TERATA MANABU

1976年(昭和51年)秋田県横手市生まれ。
横手高校、中央大学経済学部を卒業後、三菱商事に入社し、海外事業の拠点作りに参画。
2003年、秋田1区から衆議院議員に初当選。現在、在職15年を超えた。立憲民主党。

国会では財務金融委員会、外務委員会にて筆頭理事を務め、政府においては内閣総理大臣補佐官に二度就任。内閣総理大臣補佐官在任時には、震災対応や雇用対策、待機児童対策、行政改革や社会保障の充実などに尽力した。秋田港の日本海側拠点港湾指定や日沿道の全線開通、卸売市場や太平低温倉庫の整備などを実現した。2013年、落選中に息子を授かり、育児に専念、主夫となる。翌年の再選後は、在外公館や海外進出企業の環境改善などの外交地盤強化と併せて秋田産品の海外展開にも寄与。ライフワークは教育の多様化。
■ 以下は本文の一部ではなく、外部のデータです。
(* For $m\ge1$, the space $(\mathbb Z^m,d_a)$ admits a linear $1$-perfect code if and only if there exists an Abelian planar difference set of order $m$.
   Context: $d_a(\mathbf x,\mathbf y)=\max\{\sum_{i:x_i>y_i}(x_i-y_i),\sum_{i:x_i<y_i}(y_i-x_i)\}$ on $\mathbb Z^m$. A linear code is a sublattice (subgroup) of $\mathbb Z^m$. A code $\mathcal C$ is $r$-perfect if the balls $\{\mathbf y:d_a(\mathbf y,\mathbf x)\le r\}$, $\mathbf x\in\mathcal C$, are pairwise disjoint and cover $\mathbb Z^m$. An Abelian planar difference set of order $m$ is a subset $D$ of cardinality $m+1$ of an Abelian group $G$ of order $m^2+m+1$ such that every nonzero element of $G$ can be written as $a-b$ with $a,b\in D$ in exactly one way. *)

From HB Require Import structures.
From mathcomp Require Import all_boot all_order all_algebra.
Set Implicit Arguments. Unset Strict Implicit. Unset Printing Implicit Defensive.
Import Order.TTheory GRing.Theory Num.Theory.
Local Open Scope ring_scope.

Definition dist_a (m : nat) (x y : 'rV[int]_m) : int :=
  Num.max (\sum_(i < m | y 0 i < x 0 i) (x 0 i - y 0 i))
          (\sum_(i < m | x 0 i < y 0 i) (y 0 i - x 0 i)).

Definition linear_code (m : nat) (C : pred 'rV[int]_m) : Prop :=
  0 \in C /\ (forall x y, x \in C -> y \in C -> x - y \in C).

Definition perfect_code (m r : nat) (C : pred 'rV[int]_m) : Prop :=
  (forall x x' y, x \in C -> x' \in C -> x != x' ->
      ~ (dist_a y x <= r%:Z /\ dist_a y x' <= r%:Z)) /\
  (forall y, exists2 x, x \in C & dist_a y x <= r%:Z).

Definition planar_difference_set (G : finZmodType) (m : nat) (D : {set G}) : Prop :=
  #|G| = (m ^ 2 + m + 1)%N /\ #|D| = m.+1 /\
  (forall g : G, g != 0 ->
     #|[set p : G * G | [&& p.1 \in D, p.2 \in D & p.1 - p.2 == g]]| = 1%N).

From HB Require Import structures.
From mathcomp Require Import all_boot all_order all_algebra.
From mathcomp Require Import zify.
Import Order.TTheory GRing.Theory Num.Theory.
Local Open Scope ring_scope.
Set Implicit Arguments.
Unset Strict Implicit.

(* The d_a-ball of radius 1 around 0 consists of the vectors e_a - e_b, where a, b range over
   {0, ..., m} and e_0 = 0; the pairs with a <> b, together with one pair for 0, name its
   m^2 + m + 1 points bijectively. A linear code C is 1-perfect iff this ball is a transversal
   of Z^m / C. Then Z^m / C has order m^2 + m + 1, and the classes of e_0, ..., e_m form a
   planar difference set, since every nonzero class is e_a - e_b for exactly one pair (a, b).
   Conversely, for a planar difference set {d_0, ..., d_m}, the map Z^m -> G, e_i |-> d_i - d_0,
   sends the ball bijectively onto G, so its kernel is a 1-perfect linear code. *)

Section UnitBall.
Variable m : nat.
Implicit Types (a b c e : option 'I_m) (x y z : 'rV[int]_m).

Definition unit_vec a : 'rV[int]_m := \row_j (a == Some j)%:R.
Definition ball_vec a b : 'rV[int]_m := unit_vec a - unit_vec b.

Lemma ball_vecE a b k : ball_vec a b 0 k = (a == Some k)%:R - (b == Some k)%:R.
Proof. by rewrite !mxE. Qed.

Lemma ball_vec_diag a : ball_vec a a = 0.
Proof. exact: subrr. Qed.

Lemma dist_a_sub y x : dist_a y x = dist_a (y - x) 0.
Proof.
rewrite /dist_a; congr Num.max.
  by apply: eq_big => i; rewrite !mxE ?subr_gt0 // subr0.
by apply: eq_big => i; rewrite !mxE ?subr_lt0 // sub0r opprB.
Qed.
超党派議員連盟の事務局長として不登校やフリースクールの支援を通じ、多様な教育機会の確保のために奔走している。イージス・アショアの新屋配備計画については、国会質問や地域住民との協働を通じて、当初から反対の立場で取り組んだ。妻と息子(小学生)の3人家族。

個人データ

体格187cm 85kg血液型A型
好きな本泥流地帯(三浦綾子)尊敬する人物後藤田正晴
趣味登山、自転車好きな食べ物そば

  • MY CHILDHOOD

    1976年9月、体重3800グラムの巨大な赤ん坊として誕生。9歳上の姉、6歳上の兄がいる末っ子。
    赤ん坊の頃からブクブク太り、あだ名は「ぶくちゃん」。あまりにも太り過ぎて、近所では「あの子は立ち上がることが出来ないのではないか」と噂された。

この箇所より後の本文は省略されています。